Alkanet root or ratan jot is a unique spice from north India, especially Jammu & Kashmir and Himachal Pradesh. It is a herb that comes from the borage plant family and its roots produce a unique red colour, which has made this spice so popular. The flavour is more earthy than spicy. Rogan josh, the classic Kashmiri meat dish, gets its rich red colour from this spice! It has also been used as a medicine since ancient times for treating infections, skin wounds, rashes, burns and several other health problems. Perhaps, it is a precious ‘ratan’ or jewel after all!
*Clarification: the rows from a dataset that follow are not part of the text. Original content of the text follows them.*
Lemma sum_Gconf_y_Gconf_y i k :
  \sum_j \sum_p \sum_q (Gconf i j p * y p * Gconf j k q * y q) =
  \sum_j \sum_p \sum_q (G i j p * y p * G j k q * y q)
  - f k * Gyy i - 2 * fy * Gy i k + yl k * Gyg i - y i * Gyf k + g i * ylGy k
  + 3 * fy * f k * y i + mu * y i * yl k + fy ^+ 2 * kdelta i k - fy * yl k * g i
  - ayy * g i * f k.
Proof.
have sum_yy (H : 'I_n -> 'I_n -> 'I_n -> R) j :
    \sum_p \sum_q (H i j p * y p * H j k q * y q) =
    (\sum_p H i j p * y p) * (\sum_q H j k q * y q).
  by rewrite big_distrlr; apply: eq_bigr => p _; apply: eq_bigr => q _ /=; ring.
under eq_bigr do rewrite sum_yy !Gconf_y.
under [in RHS]eq_bigr do rewrite sum_yy -/(Gy i _) -/(Gy _ k).
transitivity (\sum_j (Gy i j * Gy j k + (- f k) * (Gy i j * y j) + (- fy) * (Gy i j * kdelta j k)
  + yl k * (Gy i j * g j) + (- y i) * (Gy j k * f j) + (- fy) * (kdelta i j * Gy j k)
  + g i * (yl j * Gy j k) + (y i * f k) * (f j * y j) + (fy * y i) * (f j * kdelta j k)
  + (- (y i * yl k)) * (f j * g j) + (fy * f k) * (kdelta i j * y j)
  + fy ^+ 2 * (kdelta i j * kdelta j k) + (- (fy * yl k)) * (kdelta i j * g j)
  + (- (g i * f k)) * (yl j * y j) + (- (g i * fy)) * (yl j * kdelta j k)
  + (g i * yl k) * (yl j * g j))).
  by apply: eq_bigr => j _; ring.
rewrite !big_split /= -!mulr_sumr !sumr_kdeltar !sumr_kdeltal.
by rewrite sum_Gy_y sum_yl_g sum_yl_y f_g -/fy -/(Gyg i) -/(Gyf k) -/(ylGy k); ring.
Qed.

Theorem spray_curvature_conf i k :
  spray_curvature Gconf dGconf i k =
  spray_curvature G dG i k - mu * (ayy * kdelta i k - y i * yl k).
Proof.
have sumD (F1 F2 : 'I_n -> 'I_n -> R) :
    \sum_j \sum_l (F1 j l + F2 j l) * y j * y l =
    \sum_j \sum_l F1 j l * y j * y l + \sum_j \sum_l F2 j l * y j * y l.
  by rewrite -big_split; apply: eq_bigr => j _; rewrite -big_split; apply: eq_bigr => l _ /=; ring.
rewrite /spray_curvature sum_Gconf_yy_Gconf sum_Gconf_y_Gconf_y /dGconf.
rewrite (sumD _ (fun j l => dconf_shift k i j l)) (sumD _ (fun j l => dconf_shift j i l k)).
by rewrite sum_dconf_shift_yy_l sum_dconf_shift_yy_r /dphi_up -/(Gg i k); ring.
Qed.

End ConformalSprayCurvature.

Section BigDerivable.
Context {R : numFieldType} {V : normedModType R}.

Lemma derivable_big_sum (I : Type) (r : seq I) (P : pred I) (F : I -> V -> R) x v :
  (forall i, P i -> derivable (F i) x v) ->
  derivable (fun w => \sum_(i <- r | P i) F i w) x v.
Proof.
move=> dF; rewrite -fct_sumE; elim/big_rec: _ => [|i h Pi dh].
  exact: derivable_cst.
by apply: derivableD => //; apply: dF.
Qed.

Lemma derivable_big_prod (I : Type) (r : seq I) (P : pred I) (F : I -> V -> R) x v :
  (forall i, P i -> derivable (F i) x v) ->
  derivable (fun w => \prod_(i <- r | P i) F i w) x v.
Proof.
move=> dF; rewrite -fct_prodE; elim/big_rec: _ => [|i h Pi dh].
  exact: derivable_cst.
by apply: derivableM => //; apply: dF.
Qed.

Lemma derivable_det m (M : V -> 'M[R]_m) x v :
  (forall i j, derivable (fun w => M w i j) x v) -> derivable (fun w => \det (M w)) x v.
Proof.
move=> dM; apply: derivable_big_sum => s _.
by apply: derivableM; [exact: derivable_cst | apply: derivable_big_prod].
Qed.

End BigDerivable.

Section PartialDerivatives.
#[local] Set Implicit Arguments.
#[local] Unset Strict Implicit.
Context {R : realType} {n : nat}.
Variable U : set 'rV[R]_n.
Implicit Types (f g : 'rV[R]_n -> R) (x : 'rV[R]_n) (k : 'I_n).

Definition pderivable_on f := forall x, U x -> forall k, derivable f x (ecoord R k).

Lemma pderivable_on_cst (r : R) : pderivable_on (fun=> r).
Proof. by move=> x _ k; exact: derivable_cst. Qed.

Lemma pderivable_onD f g :
  pderivable_on f -> pderivable_on g -> pderivable_on (fun w => f w + g w).
Proof. by move=> df dg x Ux k; apply: derivableD; [apply: df | apply: dg]. Qed.

Lemma pderivable_onN f : pderivable_on f -> pderivable_on (fun w => - f w).
Proof. by move=> df x Ux k; apply: derivableN; apply: df. Qed.

Lemma pderivable_onB f g :
  pderivable_on f -> pderivable_on g -> pderivable_on (fun w => f w - g w).
Proof. by move=> df dg; apply: pderivable_onD => //; apply: pderivable_onN. Qed.

Lemma pderivable_onM f g :
  pderivable_on f -> pderivable_on g -> pderivable_on (fun w => f w * g w).
Proof. by move=> df dg x Ux k; apply: derivableM; [apply: df | apply: dg]. Qed.

Lemma pderivable_onV f : (forall x, U x -> f x != 0) ->
  pderivable_on f -> pderivable_on (fun w => (f w)^-1).
Proof. by move=> f0 df x Ux k; apply: derivableV; [apply: f0 | apply: df]. Qed.

Lemma pderivable_on_sum (F : 'I_n -> 'rV[R]_n -> R) :
  (forall i, pderivable_on (F i)) -> pderivable_on (fun w => \sum_i F i w).
Proof. by move=> dF x Ux k; apply: derivable_big_sum => i _; apply: dF. Qed.
(* Suppose $H$ satisfies (B1) and (B2), and for $\alpha>0$ let $v^\alpha$ be the viscosity solution of (DP) (satisfying $|v^\alpha|\le M/\alpha$, $M:=\sup|H(\cdot,0,\cdot)|$). Then there exist constants $M_1,M_2>0$, independent of $\alpha$, such that for all $\alpha>0$, $x,y\in\mathbb{T}^d$ and $\xi\in I$, $$\Big|\int_I k(\xi,\eta)\big(v^\alpha(x,\xi)-v^\alpha(y,\eta)\big)\,d\eta\Big|\le M_1+M_2\|Dv^\alpha\|_{L^\infty(\mathbb{T}^d\times I)}.$$
   Context: $I\subset\mathbb{R}$ finite interval, $|I|=1$; $k$ Borel measurable on $I\times I$ with $0<k_0\le k\le k_1$. $H\in C(\mathbb{T}^d\times\mathbb{R}^d)\otimes\mathcal{B}(I)$ with $H(\cdot,p,\cdot)$ bounded for each $p$. (DP): $\alpha v(x,\xi)+H(x,Dv(x,\xi),\xi)+\int_I k(\xi,\eta)(v(x,\xi)-v(x,\eta))d\eta=0$ in $\mathbb{T}^d\times I$ in the viscosity sense. (B1): $C_1|p|^m-C_2\le H(x,p,\xi)$ for constants $C_1,C_2>0$, $m>1$. (B2): for each $R>0$ a modulus $\omega_R$ with $|H(x,p,\xi)-H(y,p,\xi)|\le\omega_R(|x-y|)$ for $|p|\le R$. $v^\alpha(\cdot,\xi)$ is Lipschitz for each $\xi$, uniformly in $\xi$ (for fixed $\alpha$), so $\|Dv^\alpha\|_{L^\infty}$ is finite. *)

From HB Require Import structures.
From mathcomp Require Import all_boot all_order all_algebra.
From mathcomp Require Import all_classical all_reals all_analysis.
Set Implicit Arguments. Unset Strict Implicit. Unset Printing Implicit Defensive.
Import Order.TTheory GRing.Theory Num.Theory.
Import numFieldNormedType.Exports.
Local Open Scope classical_set_scope.
Local Open Scope ring_scope.

Section Defs.
Variables (R : realType) (d : nat).
Notation V := 'rV[R]_d.

Definition enorm (p : V) : R := Num.sqrt (\sum_(i < d) (p 0 i) ^+ 2).

(* Z^d-periodic functions = functions on the torus T^d = R^d / Z^d *)
Definition Zperiodic (T : Type) (f : V -> T) : Prop :=
  forall (x : V) (z : 'rV[int]_d), f (x + map_mx (fun n : int => n%:~R) z) = f x.

Definition grad (f : V -> R) (x : V) : V :=
  \row_(i < d) ('D_(delta_mx 0 i) f x).

Definition C1 (f : V -> R) : Prop :=
  (forall x, differentiable f x) /\ continuous (grad f).

Definition modulus (w : R -> R) : Prop :=
  w 0 = 0 /\ (forall r, 0 <= r -> 0 <= w r) /\
  (forall r s, 0 <= r -> r <= s -> w r <= w s) /\
  (w x @[x --> 0^'+] --> 0).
Kudam puli or Malabar tamarind is a popular souring agent in South India and is often used as a substitute for the regular imli or tamarind. Its appearance is similar to kokum but it has a strong smoky flavour and is added to a variety of fish curries, which is why it’s also called ‘fish tamarind’. This spice is known to not only aid weight loss but also promote cardiovascular health and boost energy.
Another indigenous gem from Indian spices is khus or vetiver, which is also considered a must in Indian homes during summer. Khus sharbat (drink) is very popular during summer for its refreshing quality. In several households, this sharbat is a must-serve during Holi! As per Ayurveda, khus, called the ‘wonder grass’, cools the body and ensures good blood circulation. Khus also boosts immunity, helps control thyroid-related issues and can also be used to keep diabetes in check.Indian spices pack in more than just flavour and aroma. They are treasure chests of wellness too. And although they vary in taste, pungency and usage from one part of the country to another, it is certain that no Indian cuisine is complete without them.